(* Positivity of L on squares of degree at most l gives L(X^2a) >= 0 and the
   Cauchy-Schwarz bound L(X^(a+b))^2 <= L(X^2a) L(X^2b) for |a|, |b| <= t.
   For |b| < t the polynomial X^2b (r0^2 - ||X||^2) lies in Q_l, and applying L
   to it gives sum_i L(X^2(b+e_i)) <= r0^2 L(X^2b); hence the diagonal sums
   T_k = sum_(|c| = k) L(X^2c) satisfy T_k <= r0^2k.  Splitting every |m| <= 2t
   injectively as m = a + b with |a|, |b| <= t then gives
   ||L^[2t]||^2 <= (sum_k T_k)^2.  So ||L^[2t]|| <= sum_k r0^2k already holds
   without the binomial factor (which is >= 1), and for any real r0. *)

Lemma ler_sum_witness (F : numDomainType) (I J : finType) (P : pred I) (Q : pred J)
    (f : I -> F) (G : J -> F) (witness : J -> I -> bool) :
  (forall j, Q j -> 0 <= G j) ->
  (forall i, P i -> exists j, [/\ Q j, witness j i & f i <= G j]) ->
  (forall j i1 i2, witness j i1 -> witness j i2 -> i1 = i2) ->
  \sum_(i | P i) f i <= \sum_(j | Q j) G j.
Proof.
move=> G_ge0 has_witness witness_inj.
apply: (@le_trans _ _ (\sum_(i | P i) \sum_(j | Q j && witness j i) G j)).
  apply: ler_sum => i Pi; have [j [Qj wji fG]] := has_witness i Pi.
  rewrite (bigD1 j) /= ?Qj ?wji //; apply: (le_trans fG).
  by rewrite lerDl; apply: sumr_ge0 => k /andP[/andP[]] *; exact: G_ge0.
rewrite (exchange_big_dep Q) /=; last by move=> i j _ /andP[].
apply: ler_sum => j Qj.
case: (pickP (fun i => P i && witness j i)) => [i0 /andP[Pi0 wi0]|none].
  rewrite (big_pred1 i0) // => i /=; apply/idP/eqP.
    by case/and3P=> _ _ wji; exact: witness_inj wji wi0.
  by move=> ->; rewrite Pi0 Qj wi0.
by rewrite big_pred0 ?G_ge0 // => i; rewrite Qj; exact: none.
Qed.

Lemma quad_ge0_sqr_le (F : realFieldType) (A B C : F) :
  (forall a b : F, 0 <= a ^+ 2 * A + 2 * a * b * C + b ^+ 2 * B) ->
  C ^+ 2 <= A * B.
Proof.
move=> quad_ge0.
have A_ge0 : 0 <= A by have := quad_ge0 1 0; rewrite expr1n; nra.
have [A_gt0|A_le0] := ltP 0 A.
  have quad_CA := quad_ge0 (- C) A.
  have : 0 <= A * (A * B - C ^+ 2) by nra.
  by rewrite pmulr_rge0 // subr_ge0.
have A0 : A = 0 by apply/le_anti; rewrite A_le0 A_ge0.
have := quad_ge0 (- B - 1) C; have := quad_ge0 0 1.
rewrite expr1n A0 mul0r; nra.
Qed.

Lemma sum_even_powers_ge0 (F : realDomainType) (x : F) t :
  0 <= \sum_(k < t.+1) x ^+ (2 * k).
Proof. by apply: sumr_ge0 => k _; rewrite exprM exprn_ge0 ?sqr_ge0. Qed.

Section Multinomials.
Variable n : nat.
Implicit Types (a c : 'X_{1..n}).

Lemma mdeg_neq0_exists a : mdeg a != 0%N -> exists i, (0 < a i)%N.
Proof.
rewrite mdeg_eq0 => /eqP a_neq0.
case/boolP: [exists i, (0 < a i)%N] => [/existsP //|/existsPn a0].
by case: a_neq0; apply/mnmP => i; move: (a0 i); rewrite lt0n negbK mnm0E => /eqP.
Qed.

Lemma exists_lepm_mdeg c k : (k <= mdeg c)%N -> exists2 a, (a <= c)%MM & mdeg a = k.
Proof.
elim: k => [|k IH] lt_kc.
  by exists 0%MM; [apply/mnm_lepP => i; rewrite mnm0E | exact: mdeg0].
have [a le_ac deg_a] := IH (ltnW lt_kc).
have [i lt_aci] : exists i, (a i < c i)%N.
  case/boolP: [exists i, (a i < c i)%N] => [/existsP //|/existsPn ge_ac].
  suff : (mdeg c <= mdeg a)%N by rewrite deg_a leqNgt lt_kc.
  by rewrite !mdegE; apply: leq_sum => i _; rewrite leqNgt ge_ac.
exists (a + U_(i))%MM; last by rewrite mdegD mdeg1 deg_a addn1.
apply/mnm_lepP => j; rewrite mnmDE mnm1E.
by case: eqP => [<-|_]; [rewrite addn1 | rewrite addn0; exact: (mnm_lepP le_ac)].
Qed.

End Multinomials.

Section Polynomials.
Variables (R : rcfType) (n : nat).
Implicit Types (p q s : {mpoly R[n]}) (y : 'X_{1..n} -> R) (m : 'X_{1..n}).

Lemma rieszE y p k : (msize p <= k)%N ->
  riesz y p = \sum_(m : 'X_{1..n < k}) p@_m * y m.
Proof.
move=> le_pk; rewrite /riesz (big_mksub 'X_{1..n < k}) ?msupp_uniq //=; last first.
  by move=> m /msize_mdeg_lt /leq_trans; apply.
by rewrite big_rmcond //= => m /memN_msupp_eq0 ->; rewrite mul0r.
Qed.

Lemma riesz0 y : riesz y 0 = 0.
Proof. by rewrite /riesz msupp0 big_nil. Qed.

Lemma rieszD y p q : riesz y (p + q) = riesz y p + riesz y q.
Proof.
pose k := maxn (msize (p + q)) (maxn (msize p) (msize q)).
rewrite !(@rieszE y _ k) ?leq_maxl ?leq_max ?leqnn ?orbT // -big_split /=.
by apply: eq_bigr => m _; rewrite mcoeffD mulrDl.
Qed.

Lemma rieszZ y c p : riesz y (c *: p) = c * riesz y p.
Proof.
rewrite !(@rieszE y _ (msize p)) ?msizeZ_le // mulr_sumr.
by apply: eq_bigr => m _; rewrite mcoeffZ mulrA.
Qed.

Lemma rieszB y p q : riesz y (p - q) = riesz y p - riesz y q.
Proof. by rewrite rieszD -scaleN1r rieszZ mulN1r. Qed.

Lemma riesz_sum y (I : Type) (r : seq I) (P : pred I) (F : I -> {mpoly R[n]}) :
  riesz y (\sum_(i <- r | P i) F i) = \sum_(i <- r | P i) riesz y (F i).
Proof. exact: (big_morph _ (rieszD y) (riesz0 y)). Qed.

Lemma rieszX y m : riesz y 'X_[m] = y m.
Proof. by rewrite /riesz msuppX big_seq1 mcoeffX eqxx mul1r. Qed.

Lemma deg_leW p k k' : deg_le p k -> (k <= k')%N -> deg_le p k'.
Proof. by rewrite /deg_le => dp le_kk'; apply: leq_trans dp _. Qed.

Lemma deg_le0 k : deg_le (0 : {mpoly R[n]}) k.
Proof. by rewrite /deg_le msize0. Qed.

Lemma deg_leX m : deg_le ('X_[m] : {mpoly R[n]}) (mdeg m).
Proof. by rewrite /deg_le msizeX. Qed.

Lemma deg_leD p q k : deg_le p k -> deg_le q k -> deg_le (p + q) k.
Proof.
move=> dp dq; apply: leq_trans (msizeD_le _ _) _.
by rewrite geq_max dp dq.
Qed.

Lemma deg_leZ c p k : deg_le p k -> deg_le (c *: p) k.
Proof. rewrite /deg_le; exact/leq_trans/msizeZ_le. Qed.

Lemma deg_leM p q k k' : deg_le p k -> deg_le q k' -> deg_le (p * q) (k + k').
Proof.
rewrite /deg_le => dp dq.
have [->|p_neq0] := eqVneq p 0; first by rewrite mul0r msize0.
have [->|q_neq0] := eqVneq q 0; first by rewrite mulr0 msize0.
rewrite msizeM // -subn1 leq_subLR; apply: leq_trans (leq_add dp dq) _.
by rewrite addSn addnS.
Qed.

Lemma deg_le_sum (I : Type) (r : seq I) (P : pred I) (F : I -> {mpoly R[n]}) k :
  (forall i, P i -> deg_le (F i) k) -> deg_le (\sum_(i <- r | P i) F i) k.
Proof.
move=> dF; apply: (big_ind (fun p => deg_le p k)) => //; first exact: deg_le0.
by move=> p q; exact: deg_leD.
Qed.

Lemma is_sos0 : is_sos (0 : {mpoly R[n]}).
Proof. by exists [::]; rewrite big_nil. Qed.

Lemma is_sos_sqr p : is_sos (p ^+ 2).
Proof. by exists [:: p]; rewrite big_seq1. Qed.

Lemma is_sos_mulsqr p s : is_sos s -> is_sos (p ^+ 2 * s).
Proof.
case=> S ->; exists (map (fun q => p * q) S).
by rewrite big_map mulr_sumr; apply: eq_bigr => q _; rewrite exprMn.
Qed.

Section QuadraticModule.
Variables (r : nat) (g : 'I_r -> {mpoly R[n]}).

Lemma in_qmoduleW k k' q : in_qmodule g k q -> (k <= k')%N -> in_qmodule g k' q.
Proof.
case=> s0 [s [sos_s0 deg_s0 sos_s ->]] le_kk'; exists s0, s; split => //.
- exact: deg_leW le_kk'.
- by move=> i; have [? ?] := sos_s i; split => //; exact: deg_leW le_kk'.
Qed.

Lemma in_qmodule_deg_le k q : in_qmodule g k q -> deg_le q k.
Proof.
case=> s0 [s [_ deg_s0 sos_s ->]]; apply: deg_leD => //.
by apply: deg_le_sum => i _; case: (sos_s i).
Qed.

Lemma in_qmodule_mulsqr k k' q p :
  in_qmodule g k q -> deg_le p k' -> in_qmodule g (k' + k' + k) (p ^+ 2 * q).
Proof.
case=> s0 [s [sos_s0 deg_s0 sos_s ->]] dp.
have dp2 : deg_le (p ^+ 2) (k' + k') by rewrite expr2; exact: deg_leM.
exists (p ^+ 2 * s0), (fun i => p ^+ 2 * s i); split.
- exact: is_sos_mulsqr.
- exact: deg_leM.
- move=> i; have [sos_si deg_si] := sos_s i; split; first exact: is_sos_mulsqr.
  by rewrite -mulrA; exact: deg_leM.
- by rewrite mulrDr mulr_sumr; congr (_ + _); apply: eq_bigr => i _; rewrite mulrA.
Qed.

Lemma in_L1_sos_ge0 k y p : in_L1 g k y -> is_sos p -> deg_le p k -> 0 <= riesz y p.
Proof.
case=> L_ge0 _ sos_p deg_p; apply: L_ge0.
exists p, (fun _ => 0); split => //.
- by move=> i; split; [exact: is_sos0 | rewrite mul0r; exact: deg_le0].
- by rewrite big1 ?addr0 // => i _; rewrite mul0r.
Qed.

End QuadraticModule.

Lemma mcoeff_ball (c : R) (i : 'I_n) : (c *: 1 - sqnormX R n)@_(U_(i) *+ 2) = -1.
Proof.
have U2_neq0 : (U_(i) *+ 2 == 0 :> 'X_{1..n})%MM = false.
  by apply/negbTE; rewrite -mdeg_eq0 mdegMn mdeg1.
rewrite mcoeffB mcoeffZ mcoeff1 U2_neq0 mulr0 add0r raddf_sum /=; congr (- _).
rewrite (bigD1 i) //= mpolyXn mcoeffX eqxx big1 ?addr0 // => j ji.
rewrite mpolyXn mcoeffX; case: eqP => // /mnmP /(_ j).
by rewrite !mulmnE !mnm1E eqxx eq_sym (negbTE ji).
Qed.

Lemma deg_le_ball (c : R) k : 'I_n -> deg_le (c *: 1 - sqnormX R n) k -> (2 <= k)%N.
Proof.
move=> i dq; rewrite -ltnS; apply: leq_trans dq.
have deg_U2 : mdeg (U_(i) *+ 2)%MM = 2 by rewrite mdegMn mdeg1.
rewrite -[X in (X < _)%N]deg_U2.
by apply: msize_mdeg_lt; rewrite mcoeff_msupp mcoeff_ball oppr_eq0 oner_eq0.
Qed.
______________________________
Which lines in the listing hold the word "mnmP"? Copy them out.

by case: a_neq0; apply/mnmP => i; move: (a0 i); rewrite lt0n negbK mnm0E => /eqP.
rewrite mpolyXn mcoeffX; case: eqP => // /mnmP /(_ j).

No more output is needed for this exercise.